However, the Panel also wishes to say that although it has found Complainant has shown common law trademark rights in C-BYTE, the Panel makes no finding as to the ambit or date of commencement of that trademark and no finding as to what, if any, trademark rights Respondent may have or the competing trademark rights as between Complainant and Respondent. Respondent has applied to USPTO to register C-BYTE as a trademark, Complainant has opposed that registration and the matter is now before the USPTO Trademark Trial And Appeal Board. Accordingly, the respective trademark rights between the parties will be clarified by that proceeding and the Panel does not wish to say anything that might prejudice that proceeding.
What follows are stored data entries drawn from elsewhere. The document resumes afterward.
(* The inequality $n^{1/2}\le S_s(n)$ holds for almost all positive integers $n$, i.e., the set of $n$ for which it holds has asymptotic density $1$.
   Context: $s(n)=\sigma(n)-n$ is the sum of proper divisors of $n$, and $S_s(n)=\sum_{d\mid n}s(d)$. *)

From Stdlib Require Import Reals Lra Lia Arith List.
Open Scope R_scope.

Definition divisors_list (n : nat) : list nat :=
  filter (fun d => Nat.eqb (n mod d) 0%nat) (List.seq 1 n).

Definition sigma (n : nat) : nat := fold_right Nat.add 0%nat (divisors_list n).

Definition s_fun (n : nat) : nat := (sigma n - n)%nat.

Definition S_s (n : nat) : nat :=
  fold_right Nat.add 0%nat (map s_fun (divisors_list n)).

Definition count_upto (P : nat -> bool) (N : nat) : nat :=
  length (filter P (List.seq 1 N)).

Definition has_density_one (P : nat -> bool) : Prop :=
  Un_cv (fun N => INR (count_upto P N) / INR N) 1.

Definition sqrt_le_Ss (n : nat) : bool :=
  if Rle_dec (sqrt (INR n)) (INR (S_s n)) then true else false.

(** A nonprime [n > 1] factors as [n = b p] with [p <= b], so its proper
    divisor [b] gives [sqrt n <= b <= s(n) <= S_s(n)]: the inequality can
    fail only at [n = 1] and at primes.  The primes have density zero by
    Chebyshev's bound: the primes in [(N, 2N]] divide the central binomial
    coefficient, so there are at most [2N / log2 N] of them, and summing over
    dyadic blocks gives [pi(N) <= 16 N / (k + 1)] whenever [N >= 2^k]. *)

From Pilot Require Import Defs.
From Stdlib Require Import Reals Lra Lia.
From mathcomp Require Import all_boot zify.

Set Implicit Arguments.
Unset Strict Implicit.

Open Scope nat_scope.

Lemma eqb_mod0_dvdn d n : Nat.eqb (n mod d) 0 = (d %| n).
Proof.
apply/Nat.eqb_spec/dvdnP => [/Nat.Lcm0.mod_divide [k ->] | [k ->]]; first by exists k.
by apply/Nat.Lcm0.mod_divide; exists k.
Qed.

Lemma divisors_listE n : 0 < n -> divisors_list n = divisors n.
Proof.
move=> n_gt0; have -> : divisors_list n = [seq d <- iota 1 n | d %| n].
  by apply: eq_filter => d; rewrite eqb_mod0_dvdn.
apply: (irr_sorted_eq ltn_trans ltnn).
- by rewrite sorted_filter ?iota_ltn_sorted //; exact: ltn_trans.
- exact: sorted_divisors_ltn.
move=> d; rewrite mem_filter mem_iota -dvdn_divisors //.
apply/idP/idP => [/andP[] // | dvd_dn].
by rewrite dvd_dn (dvdn_gt0 n_gt0) //= ltnS dvdn_leq.
Qed.

Lemma sigmaE n : 0 < n -> Defs.sigma n = \sum_(d <- divisors n) d.
Proof. by move=> n_gt0; rewrite -sumnE -divisors_listE. Qed.

Lemma S_sE n : 0 < n -> S_s n = \sum_(d <- divisors n) s_fun d.
Proof. by move=> n_gt0; rewrite -divisors_listE // -(big_map s_fun xpredT id) -sumnE. Qed.

Lemma proper_divisor_le_s_fun n b : b %| n -> b < n -> b <= s_fun n.
Proof.
move=> dvd_bn lt_bn; have n_gt0 : 0 < n := leq_ltn_trans (leq0n b) lt_bn.
suff : n + b <= Defs.sigma n by rewrite /s_fun; lia.
have sub : \sum_(d <- [:: n; b]) d <= \sum_(d <- divisors n) d.
  apply: (@uniq_sub_le_big _ addn leq leqnn (fun x y => leq_addr y x)) => [|| d].
  - by rewrite /= !inE neq_ltn lt_bn orbT.
  - exact: divisors_uniq.
  - by rewrite !inE => /orP[] /eqP ->; rewrite -dvdn_divisors.
by rewrite sigmaE // big_cons big_seq1 in sub *.
Qed.

Lemma s_fun_le_S_s n : s_fun n <= S_s n.
Proof.
have [-> // | n_gt0] := posnP n.
rewrite S_sE // (bigD1_seq n) ?divisors_id ?divisors_uniq //=; exact: leq_addr.
Qed.

Lemma nonprime_large_divisor n :
  1 < n -> ~~ prime n -> exists b, [/\ b %| n, b < n & n <= b * b].
Proof.
move=> n_gt1 /primePns[|[p [p_pr le_p2_n dvd_pn]]]; first by rewrite ltnNge n_gt1.
have p_gt1 := prime_gt1 p_pr; have def_n := divnK dvd_pn.
exists (n %/ p); split; first by rewrite -{2}def_n dvdn_mulr.
  by rewrite ltn_Pdiv // ltnW.
set b := n %/ p in def_n *; rewrite -def_n -mulnn leq_pmul2r ?(ltnW p_gt1) // in le_p2_n *.
by rewrite leq_mul2l le_p2_n orbT.
Qed.

Lemma prime_dvd_central_binomial p N :
  prime p -> N < p <= N + N -> p %| 'C(N + N, N).
Proof.
move=> p_pr /andP[lt_Np le_pNN].
have p_ndvd_fact m : m < p -> ~~ (p %| m`!).
  elim: m => [|m IHm] lt_mp; first by rewrite dvdn1 neq_ltn prime_gt1 ?orbT.
  by rewrite factS Euclid_dvdM // negb_or IHm 1?ltnW // gtnNdvd.
have : p %| 'C(N + N, N) * (N`! * (N + N - N)`!).
  by rewrite bin_fact ?leq_addr // dvdn_fact // prime_gt0.
by rewrite addnK !Euclid_dvdM // (negbTE (p_ndvd_fact _ lt_Np)) !orbF.
Qed.

Lemma prod_uniq_primes_dvdn (s : seq nat) m :
  uniq s -> all prime s -> {in s, forall p, p %| m} -> \prod_(p <- s) p %| m.
Proof.
elim: s => [|p s IHs] /=; first by rewrite big_nil dvd1n.
move=> /andP[p_notin_s uniq_s] /andP[p_pr s_pr] dvd_sm.
have coprime_p_s : coprime p (\prod_(q <- s) q).
  rewrite prime_coprime // Euclid_dvd_prod // big_has; apply/hasP => -[q s_q /=].
  rewrite dvdn_prime2 //; last exact: (allP s_pr).
  by move/eqP=> eq_pq; rewrite eq_pq s_q in p_notin_s.
rewrite big_cons Gauss_dvd // dvd_sm ?mem_head //= IHs // => q s_q.
by apply: dvd_sm; rewrite inE s_q orbT.
Qed.

Lemma central_binomial_le N : 'C(N + N, N) <= 2 ^ (N + N).
Proof.
have lt_N_NN : N < (N + N).+1 by rewrite ltnS leq_addr.
have := expnDn 1 1 (N + N); rewrite addnn -addnn => ->.
by rewrite (bigD1 (Ordinal lt_N_NN)) //= !exp1n !muln1 leq_addr.
Qed.

Lemma expn_count_prime_dyadic N : N ^ count prime (iota N.+1 N) <= 2 ^ (N + N).
Proof.
apply: leq_trans (central_binomial_le N).
rewrite -iter_muln_1 -big_const_seq.
apply: (@leq_trans (\prod_(p <- iota N.+1 N | prime p) p)).
  rewrite big_seq_cond [leqRHS]big_seq_cond.
  by apply: leq_prod => p /andP[]; rewrite mem_iota => /andP[/ltnW].
apply: dvdn_leq; first by rewrite bin_gt0 leq_addr.
rewrite -big_filter; apply: prod_uniq_primes_dvdn.
- by rewrite filter_uniq // iota_uniq.
- exact: filter_all.
- move=> p; rewrite mem_filter mem_iota => /andP[p_pr range_p].
  by apply: prime_dvd_central_binomial => //; lia.
Qed.

Definition prime_count N := count prime (iota 1 N).

Lemma prime_count_le N : prime_count N <= N.
Proof. by rewrite -[leqRHS](size_iota 1) count_size. Qed.

Lemma leq_prime_count m n : m <= n -> prime_count m <= prime_count n.
Proof. by move=> le_mn; rewrite /prime_count -(subnKC le_mn) iotaD count_cat leq_addr. Qed.

Lemma prime_count_double N :
  prime_count (N + N) = prime_count N + count prime (iota N.+1 N).
Proof. by rewrite /prime_count iotaD count_cat add1n. Qed.

Lemma prime_count_pow2 k : k * prime_count (2 ^ k) <= 8 * 2 ^ k.
Proof.
elim: k => [|k IHk] //; have [le_k7 | gt_k7] := leqP k 7.
  by rewrite leq_mul // ?prime_count_le //; lia.
have := expn_count_prime_dyadic (2 ^ k); rewrite -expnM leq_exp2l // mulnC => dyadic.
rewrite expnS mul2n -addnn prime_count_double.
nia.
Qed.

Lemma prime_count_bound k N : 2 ^ k <= N -> k.+1 * prime_count N <= 16 * N.
Proof.
move=> le_2k_N; have N_gt0 : 0 < N by apply: leq_trans le_2k_N; rewrite expn_gt0.
set j := trunc_log 2 N.
have le_2j_N : 2 ^ j <= N := trunc_logP (isT : 1 < 2) N_gt0.
have lt_N_2j1 : N < 2 ^ j.+1 := trunc_log_ltn N (isT : 1 < 2).
have le_kj : k <= j.
  by rewrite -ltnS -(ltn_exp2l _ _ (isT : 1 < 2)); exact: leq_ltn_trans lt_N_2j1.
have := prime_count_pow2 j.+1; have /leq_prime_count := ltnW lt_N_2j1.
rewrite expnS in lt_N_2j1 *; nia.
Qed.

Lemma count_nonprime_closed_complement (P : pred nat) N :
  (forall n, 1 < n -> ~~ prime n -> P n) ->
  count (predC P) (iota 1 N) <= (prime_count N).+1.
Proof.
move=> P_nonprime; set s := iota 1 N.
have -> : count (predC P) s = count (predI (predC P) (predU (pred1 1) prime)) s.
  apply: eq_in_count => n; rewrite mem_iota /= => /andP[n_gt0 _].
  case: (boolP (P n)) => //= P'n; apply/esym; apply: contraNT P'n.
  by rewrite negb_or => /andP[n_neq1 /P_nonprime]; apply; lia.
apply: (@leq_trans (count (predU (pred1 1) prime) s)); first by apply: sub_count => n /andP[].
have count1_le : count (pred1 1) s <= 1 by rewrite count_uniq_mem ?iota_uniq ?leq_b1.
have := count_predUI (pred1 1) prime s; rewrite -/(prime_count N); lia.
Qed.

Lemma nonprime_closed_complement_sparse (P : pred nat) k N :
  (forall n, 1 < n -> ~~ prime n -> P n) -> 2 ^ k <= N ->
  k.+1 * count (predC P) (iota 1 N) <= 17 * N.
Proof.
move=> P_nonprime le_2k_N; have lt_k_N := leq_trans (ltn_expl k (isT : 1 < 2)) le_2k_N.
have /prime_count_bound := le_2k_N; have := count_nonprime_closed_complement N P_nonprime.
nia.
Qed.

Lemma count_uptoE (P : pred nat) N : count_upto P N = count P (iota 1 N).
Proof. by rewrite /count_upto -size_filter. Qed.

Open Scope R_scope.

Lemma density_one_of_sparse_complement (P : pred nat) (C : nat) :
  (forall k N, (2 ^ k <= N)%N -> (k.+1 * count (predC P) (iota 1 N) <= C * N)%N) ->
  has_density_one P.
Proof.
move=> sparse eps eps_gt0; have [k k_large] := INR_archimed eps (INR C) eps_gt0.
exists (2 ^ k)%N => N /leP le_2k_N; rewrite /R_dist count_uptoE.
have N_gt0 : 0 < INR N by apply/lt_0_INR/ltP; apply: leq_trans le_2k_N; rewrite expn_gt0.
set bad := count (predC P) (iota 1 N).
have count_P : INR (count P (iota 1 N)) = INR N - INR bad.
  by rewrite -[X in _ = INR X - _](size_iota 1 N) -(count_predC P) plus_INR -/bad; ring.
have bad_bound : INR k.+1 * INR bad <= INR C * INR N.
  by rewrite -!mult_INR; apply/le_INR/leP/sparse.
have bad_lt : INR bad < eps * INR N.
  apply: (Rmult_lt_reg_l (INR k.+1)); first exact/lt_0_INR/ltP.
  by rewrite S_INR in bad_bound *; have := pos_INR k; nra.
have bad_frac : INR bad = INR N * (INR bad / INR N) by field; lra.
have -> : INR (count P (iota 1 N)) / INR N - 1 = - (INR bad / INR N).
  by rewrite count_P; field; lra.
rewrite Rabs_Ropp Rabs_pos_eq.
- by apply: (Rmult_lt_reg_l (INR N)) => //; rewrite -bad_frac; lra.
- by apply: (Rmult_le_reg_l (INR N)) => //; rewrite -bad_frac Rmult_0_r; exact: pos_INR.
Qed.

Lemma sqrt_INR_le n b : (n <= b * b)%N -> sqrt (INR n) <= INR b.
Proof.
move=> /leP le_n_bb; rewrite -(sqrt_square (INR b)); last exact: pos_INR.
by apply: sqrt_le_1_alt; rewrite -mult_INR; exact: le_INR.
Qed.

Lemma sqrt_le_Ss_nonprime n : (1 < n)%N -> ~~ prime n -> sqrt_le_Ss n.
Proof.
move=> n_gt1 /(nonprime_large_divisor n_gt1) [b [dvd_bn lt_bn le_n_bb]].
have /leP le_b_Ss := leq_trans (proper_divisor_le_s_fun dvd_bn lt_bn) (s_fun_le_S_s n).
rewrite /sqrt_le_Ss; case: Rle_dec => // -[].
exact: Rle_trans (sqrt_INR_le le_n_bb) (le_INR _ _ le_b_Ss).
Qed.

Theorem lemma6p10 : has_density_one sqrt_le_Ss.
Proof.
apply: (@density_one_of_sparse_complement _ 17) => k N.
exact: nonprime_closed_complement_sparse sqrt_le_Ss_nonprime.
Qed.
The second issue that arises is whether the <c-byte.us.com> domain name is identical or confusingly similar to the C-BYTE mark. The Panel notes that the domain name contains Complainant’s C-BYTE trademark in its entirety and adds the country code top-level domain (“ccTLD”) “.us” and the generic top-level domain (“gTLD”) “.com.” Prior panels have found that the addition of both ccTLDs and gTLDs are both insufficient to differentiate a domain name from the mark at issue. See CDW Computer Ctrs., Inc. v. The Joy Co., FA 114463 (Nat. Arb. Forum July 25, 2002) (finding that the addition of the ccTLD “.us” is inconsequential and does not defeat a claim of confusing similarity); see also Reese v. Morgan, FA 917029 (Nat. Arb. Forum Apr. 5, 2007) (finding that the mere addition of the generic top-level domain “.com” is insufficient to differentiate a disputed domain name from a mark). An objective bystander, faced with the disputed domain name and the trademark and ignoring the ccTLD and gTLD would probably conclude that the domain names are confusingly similar to the trademark. Therefore, the Panel finds that the disputed domain names are confusingly similar to the C-BYTE mark under Policy ¶ 4(a)(i).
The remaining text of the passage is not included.